Losing Winfrey would be big blow for Second City
CHICAGO, USA – Step outside Oprah Winfrey’s Harpo Studios and into the near west side neighbourhood that’s been home to her television talk show for two decades, and it’s easy to get a sense of what she’s meant to Chicago.
“I used to live across the street from Harpo and when I moved there it was me and cross-dressing crack addicts and Harpo. And now it’s strollers and little white dogs all over,” said Paul O’Connor, whose job has been to sell the city to businesses looking to relocate and those wondering why they should stay.

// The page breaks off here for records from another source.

(* For all positive integers $n$ and every $2$-homogeneous polynomial $P(x)=\sum_{|\alpha|=2}a_\alpha\mathbf{x}^\alpha$ on $\ell_2^n$ (over $\mathbb{K}=\mathbb{R}$ or $\mathbb{C}$), \[ \max_{|\alpha|=2}|a_\alpha|\leq 4\sqrt2\,\|P\|. \] Moreover, this is optimal in the following sense: for every $r<\infty$ there is no constant $C\ge1$ (independent of $n$) such that $\big(\sum_{|\alpha|=2}|a_\alpha|^r\big)^{1/r}\le C\|P\|$ for all $2$-homogeneous polynomials $P=\sum_{|\alpha|=2}a_\alpha\mathbf{x}^\alpha$ on $\ell_2^n$ and all $n$.
   Context: $\mathbb{K}$ denotes $\mathbb{R}$ or $\mathbb{C}$. For $\alpha\in\mathbb{N}^n$, $|\alpha|=\alpha_1+\cdots+\alpha_n$ and $\mathbf{x}^\alpha=x_1^{\alpha_1}\cdots x_n^{\alpha_n}$. $\ell_p^n$ is $\mathbb{K}^n$ with the $p$-norm, and for a polynomial $P$ on $\ell_p^n$, $\|P\|=\sup\{|P(x)|:\|x\|_p\le1\}$. *)

(* real analysis over Stdlib's R.
   The scalar field K is R or C; we model C as R*R and K as the subset of
   C given by the flag [cplx] (cplx = false: real numbers, i.e. imaginary part 0). *)
From Stdlib Require Import Reals.
Open Scope R_scope.

Definition Cx : Type := (R * R)%type.
Definition C0 : Cx := (0, 0).
Definition Cadd (z w : Cx) : Cx := (fst z + fst w, snd z + snd w).
Definition Cmul (z w : Cx) : Cx :=
  (fst z * fst w - snd z * snd w, fst z * snd w + snd z * fst w).
Definition Cabs (z : Cx) : R := sqrt (fst z ^ 2 + snd z ^ 2).

Definition inK (cplx : bool) (z : Cx) : Prop := cplx = true \/ snd z = 0.

Fixpoint Csum (n : nat) (f : nat -> Cx) : Cx :=
  match n with O => C0 | S m => Cadd (Csum m f) (f m) end.
Fixpoint Rsum (n : nat) (f : nat -> R) : R :=
  match n with O => 0 | S m => Rsum m f + f m end.

(* A 2-homogeneous polynomial on K^n is given by its coefficients
   a i j, (i <= j < n), the coefficient of the monomial x_i x_j
   (multi-indices alpha with |alpha| = 2 <-> pairs i <= j). *)
Definition poly2_eval (n : nat) (a : nat -> nat -> Cx) (x : nat -> Cx) : Cx :=
  Csum n (fun j => Csum (S j) (fun i => Cmul (a i j) (Cmul (x i) (x j)))).

Definition l2norm (n : nat) (x : nat -> Cx) : R :=
  sqrt (Rsum n (fun i => Cabs (x i) ^ 2)).

Definition is_poly2_norm (cplx : bool) (n : nat) (a : nat -> nat -> Cx) (N : R) : Prop :=
  is_lub (fun y => exists x : nat -> Cx,
            (forall i, (i < n)%nat -> inK cplx (x i)) /\
            l2norm n x <= 1 /\ y = Cabs (poly2_eval n a x)) N.

Definition coeffs_in_K (cplx : bool) (n : nat) (a : nat -> nat -> Cx) : Prop :=
  forall i j, (i <= j)%nat -> (j < n)%nat -> inK cplx (a i j).

(* real power t^s for t >= 0, s > 0, with the convention 0^s = 0 *)
Definition rpow (t s : R) : R :=
  match Rlt_dec 0 t with left _ => Rpower t s | right _ => 0 end.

Along with the upscale condominiums and pricey restaurants that replaced the run-down apartments, abandoned warehouses and vacant storefronts, it’s a sentiment that helps explain just how nervous people in Chicago are about Winfrey’s announcement that next season, the 25th, will be the last for The Oprah Winfrey Show.
“Chicago’s going to find out that she’s a real engine to hotel rooms, flowers, limo drivers, you name it,” said Joel Nickson, who owns Wishbone restaurant just down the street. “Even when she’s not doing the show, we see people all the time taking cabs out here, taking pictures in front of the place.”
Media analysts will discuss the millions of viewers worldwide who have eagerly watched Winfrey’s show, tuned into others she told them to watch and read books she told them to read. The story in Chicago will be what she’s meant to Chicago.
It’s a story that starts in the neighbourhood that people visited just to see her show – then they’d go off to explore the rest of the city. It’s from the neighbourhood that Winfrey bragged about Chicago, reminding all those who knew she could take her show just about anywhere that she wanted to be right here.
“Isn’t this the most fabulous city in the world?” Winfrey yelled to more than 20,000 fans who crowded Chicago’s Magnificent Mile in September for the taping of this season’s premiere.
Without Winfrey, some wonder.
“She is part of the cultural infrastructure which provides a rich intellectual and cultural life to the city and that is absolutely critical for corporate decision making,” said O’Connor, who now works for the Chicago Metropolis 2020 civic group after leaving World Business Chicago, a not-for-profit economic development corporation that worked to attract and keep businesses in Chicago.